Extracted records

(* Let $f=\frac1n\sum_{i=1}^n f_i$ with each $f_i:\mathbb{R}^d\to\mathbb{R}$ twice continuously differentiable, and suppose there are constants $0<\mu<L$ such that for all $i$ and all $x,\hat x\in\mathbb{R}^d$, $$\mu\|x-\hat x\|^2\le (\nabla f_i(x)-\nabla f_i(\hat x))^\top(x-\hat x)\le L\|x-\hat x\|^2 .$$ Let $x^*$ be the minimizer of $f$ and $\kappa=L/\mu$. Consider the asynchronous L-DQN iteration described in the context, with a constant stepsize $\eta_t=\eta$, and suppose there are constants $0<\epsilon_d<\epsilon_u$ such that for all $i=1,\dots,n$, all $t>0$ and all $x\in\mathbb{R}^d$, $$\epsilon_d I_d\preceq (\tilde B_i^t)^{-1/2}\nabla^2 f_i(x)(\tilde B_i^t)^{-1/2}\preceq \epsilon_u I_d .$$ Suppose the ratio $\epsilon:=\epsilon_u/\epsilon_d$ satisfies $$\epsilon<\frac12\left[1+\frac1\kappa+\sqrt{\Big(1+\frac1\kappa\Big)^2+\frac4\kappa}\right],$$ and that the stepsize satisfies $\eta\in\Big(\frac{1}{\epsilon_d}\big[1-\frac{1}{\epsilon\kappa}\big],\ \frac{2}{\epsilon_d+\epsilon_u}\Big)$. Then the iterates converge linearly over epochs: there exists $\rho<1$ such that for every $m\in\mathbb{N}^+$ and every $t\in[E_m,E_{m+1})$, $$\|x^{t+1}-x^*\|\le \rho^{m}\|x^0-x^*\|.$$
   Context: Setting (master/worker, asynchronous): a master holds the iterate $x^t\in\mathbb{R}^d$ at time $t=0,1,2,\dots$; at each time $t$ one worker $i_t\in\{1,\dots,n\}$ communicates with the master. For worker $i$ and time $t$, $d_i^t\ge 0$ denotes the delay, i.e. the last exchange between the master and worker $i$ took place at time $t-d_i^t$, and $D_i^t:=d_i^t+d_i^{t-d_i^t-1}+1$ denotes the double delay, i.e. the exchange before that took place at time $t-D_i^t$. Each worker $i$ holds a local copy $z_i^t$ of the iterate it last received from the master (so $z_i^t=z_i^{t-d_i^t}$ is an earlier master iterate) and a symmetric positive definite matrix $\tilde B_i^t=\tilde B_i^{t-d_i^t}$ (its Hessian approximation of $f_i$, which in L-DQN is produced by limited-memory BFGS updates with memory $m$ and scaling $\gamma_i=\|y_i\|^2/(y_i^\top s_i)$, $s_i=x-z_i$, $y_i=\nabla f_i(x)-\nabla f_i(z_i)$; only the spectral hypothesis in the claim is used about these matrices). Initially $z_i^0=x^0$. The master update is $$x^{t+1}=\big(\tilde B^t\big)^{-1}\Big[\sum_{i=1}^n \tilde B_i^t z_i^t-\eta_t\sum_{i=1}^n\nabla f_i(z_i^t)\Big],\qquad \tilde B^t:=\sum_{i=1}^n\tilde B_i^t .$$ Epochs: $E_1=0$ and $E_{m+1}=\min\{t:\ t-D_i^t\ge E_m \text{ for all } i=1,\dots,n\}$, i.e. $E_{m+1}$ is the first time $t$ such that every worker has made at least two updates in $[E_m,t]$. $I_d$ is the $d\times d$ identity, $\preceq$ the Loewner order, $\|\cdot\|$ the Euclidean norm. *)

From HB Require Import structures.
From mathcomp Require Import all_boot all_order all_algebra.
From mathcomp Require Import all_classical all_reals all_analysis.

Set Implicit Arguments.
Unset Strict Implicit.
Unset Printing Implicit Defensive.

Import Order.TTheory GRing.Theory Num.Theory.
Import numFieldNormedType.Exports.
Local Open Scope ring_scope.

Section LinAlg.
Variable R : realType.

Definition vdot d (u v : 'cV[R]_d) : R := (u^T *m v) 0 0.
Definition enorm d (v : 'cV[R]_d) : R := Num.sqrt (vdot v v).

Definition qform d (A : 'M[R]_d) (v : 'cV[R]_d) : R := (v^T *m A *m v) 0 0.
Definition loewner_le d (A B : 'M[R]_d) : Prop := forall v, qform A v <= qform B v.
Definition sym_posdef d (A : 'M[R]_d) : Prop :=
  A^T = A /\ forall v, v != 0 -> 0 < qform A v.

Definition is_inv_sqrt d (A S : 'M[R]_d) : Prop := sym_posdef S /\ S *m S = invmx A.

Definition twice_cont_diff d (f : 'cV[R]_d -> R) (g : 'cV[R]_d -> 'cV[R]_d)
    (H : 'cV[R]_d -> 'M[R]_d) : Prop :=
  (forall x, differentiable f x /\ forall h, 'd f x h = vdot (g x) h) /\
  (forall x, differentiable g x /\ forall h, 'd g x h = H x *m h) /\
  continuous H.

Definition avgf n d (f : 'I_n -> 'cV[R]_d -> R) (y : 'cV[R]_d) : R :=
  (n%:R)^-1 * \sum_(i < n) f i y.

End LinAlg.

Section Async.
Local Open Scope nat_scope.
Variable n : nat.
(* sched t = i_t, the worker that communicates with the master at time t *)
Implicit Types (sched : nat -> 'I_n) (i : 'I_n) (t : nat).

Fixpoint lastex sched i t : option nat :=
  match t with
  | 0 => if sched 0 == i then Some 0 else None
  | t'.+1 => if sched t'.+1 == i then Some t'.+1 else lastex sched i t'
  end.

(* delay d_i^t : last exchange at time t - d_i^t (None: no exchange yet) *)
Definition delay sched i t : option nat := omap (fun s => t - s) (lastex sched i t).

(* double delay D_i^t := d_i^t + d_i^{t - d_i^t - 1} + 1 *)
Definition ddelay sched i t : option nat :=
  match delay sched i t with
  | Some dt =>
      match t - dt with
      | 0 => None
      | k.+1 => omap (fun d' => dt + d' + 1) (delay sched i k)
      end
  | None => None
  end.

(* index of the master iterate at which the information of worker i that the
   master uses at time t was computed: x^{t - D_i^t + 1} (the iterate sent to
   worker i at its second-to-last exchange), or x^0 if worker i has not yet
   exchanged twice. *)
Definition info_time sched i t : nat :=
  match ddelay sched i t with Some D => (t - D).+1 | None => 0 end.

(* every worker made at least two updates in [e, t], i.e. t - D_i^t >= e *)
Definition two_updates_since sched e t : Prop :=
  forall i, exists D, ddelay sched i t = Some D /\ (e <= t - D)%N.

(* epoch_start sched m e  <->  E_m = e  (E_1 = 0, E_{m+1} = min{t | t - D_i^t >= E_m forall i}) *)
Inductive epoch_start sched : nat -> nat -> Prop :=
| epoch_start1 : epoch_start sched 1 0
| epoch_startS m e t : epoch_start sched m e -> two_updates_since sched e t ->
    (forall s, (s < t)%N -> ~ two_updates_since sched e s) ->
    epoch_start sched m.+1 t.

(* t is in [E_m, E_{m+1})  (E_{m+1} = +infinity if the minimum does not exist) *)
Definition in_epoch sched m t : Prop :=
  exists e, epoch_start sched m e /\ (e <= t)%N /\
    forall s, (s <= t)%N -> ~ two_updates_since sched e s.

End Async.

Section Master.
Variables (R : realType) (n d : nat).

Definition zloc (sched : nat -> 'I_n) (x : nat -> 'cV[R]_d) (i : 'I_n) (t : nat) : 'cV[R]_d :=
  x (info_time sched i t).

Definition ldqn_master_updates (sched : nat -> 'I_n) (x : nat -> 'cV[R]_d)
    (B : 'I_n -> nat -> 'M[R]_d) (grad : 'I_n -> 'cV[R]_d -> 'cV[R]_d) (eta : R) : Prop :=
  forall t, x t.+1 = invmx (\sum_(i < n) B i t) *m
      (\sum_(i < n) B i t *m zloc sched x i t - eta *: \sum_(i < n) grad i (zloc sched x i t)).

End Master.

From HB Require Import structures.
From mathcomp Require Import all_boot all_order all_algebra.
From mathcomp Require Import all_classical all_reals all_analysis.
From mathcomp Require Import ring lra zify.

Set Implicit Arguments.
Unset Strict Implicit.
Unset Printing Implicit Defensive.

Import Order.TTheory GRing.Theory Num.Theory.
Import numFieldNormedType.Exports.
Local Open Scope ring_scope.

(* With S = (B_i^t)^(-1/2), the Hessian bounds say eps_d B_i^t <= hess f_i <= eps_u B_i^t,
   so by Taylor's theorem each f_i is eps_d-strongly convex and eps_u-smooth for the norm
   |v|_B = sqrt (v^T B_i^t v).  In that geometry co-coercivity of the gradient makes the
   preconditioned gradient step a contraction: writing e = z - xstar,
     |B e - eta (grad f_i z - grad f_i xstar)|_(B^-1) <= (1 - eta eps_d) |e|_B.
   The gradients of the f_i sum to zero at xstar, so (sum_i B_i) (x^(t+1) - xstar) is the
   sum of these vectors over the workers, with z = z_i^t.  Young's inequality for the dual
   norms and mu/eps_u <= B_i <= L/eps_d (from the monotonicity bounds on the gradients) give
     |x^(t+1) - xstar| <= rho max_i |z_i^t - xstar|,   rho = (1 - eta eps_d) eps kappa < 1.
   Every z_i^t used at a time t >= E_(m+1) was sent to worker i after E_m, so the error
   bound gains a factor rho in each epoch. *)

Section InnerProduct.
Context {R : realType} {d : nat}.
Implicit Types (u v w : 'cV[R]_d) (A C S : 'M[R]_d).

Lemma vdotE u v : vdot u v = \sum_j u j 0 * v j 0.
Proof. by rewrite /vdot mxE; apply: eq_bigr => j _; rewrite mxE. Qed.

Lemma vdotC u v : vdot u v = vdot v u.
Proof. by rewrite !vdotE; apply: eq_bigr => j _; rewrite mulrC. Qed.

Lemma vdotDl u v w : vdot (u + v) w = vdot u w + vdot v w.
Proof. by rewrite !vdotE -big_split; apply: eq_bigr => j _; rewrite mxE mulrDl. Qed.

Lemma vdotZl (a : R) u v : vdot (a *: u) v = a * vdot u v.
Proof. by rewrite !vdotE mulr_sumr; apply: eq_bigr => j _; rewrite mxE mulrA. Qed.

» Requirement:
From the records above, extract exactly and only the lines that begin at the line with "Local Open Scope nat_scope." and stop after the line with "worker i at".

» Answer to this problem:
Local Open Scope nat_scope.
Variable n : nat.
(* sched t = i_t, the worker that communicates with the master at time t *)
Implicit Types (sched : nat -> 'I_n) (i : 'I_n) (t : nat).

Fixpoint lastex sched i t : option nat :=
  match t with
  | 0 => if sched 0 == i then Some 0 else None
  | t'.+1 => if sched t'.+1 == i then Some t'.+1 else lastex sched i t'
  end.

(* delay d_i^t : last exchange at time t - d_i^t (None: no exchange yet) *)
Definition delay sched i t : option nat := omap (fun s => t - s) (lastex sched i t).

(* double delay D_i^t := d_i^t + d_i^{t - d_i^t - 1} + 1 *)
Definition ddelay sched i t : option nat :=
  match delay sched i t with
  | Some dt =>
      match t - dt with
      | 0 => None
      | k.+1 => omap (fun d' => dt + d' + 1) (delay sched i k)
      end
  | None => None
  end.

(* index of the master iterate at which the information of worker i that the
   master uses at time t was computed: x^{t - D_i^t + 1} (the iterate sent to
   worker i at its second-to-last exchange), or x^0 if worker i has not yet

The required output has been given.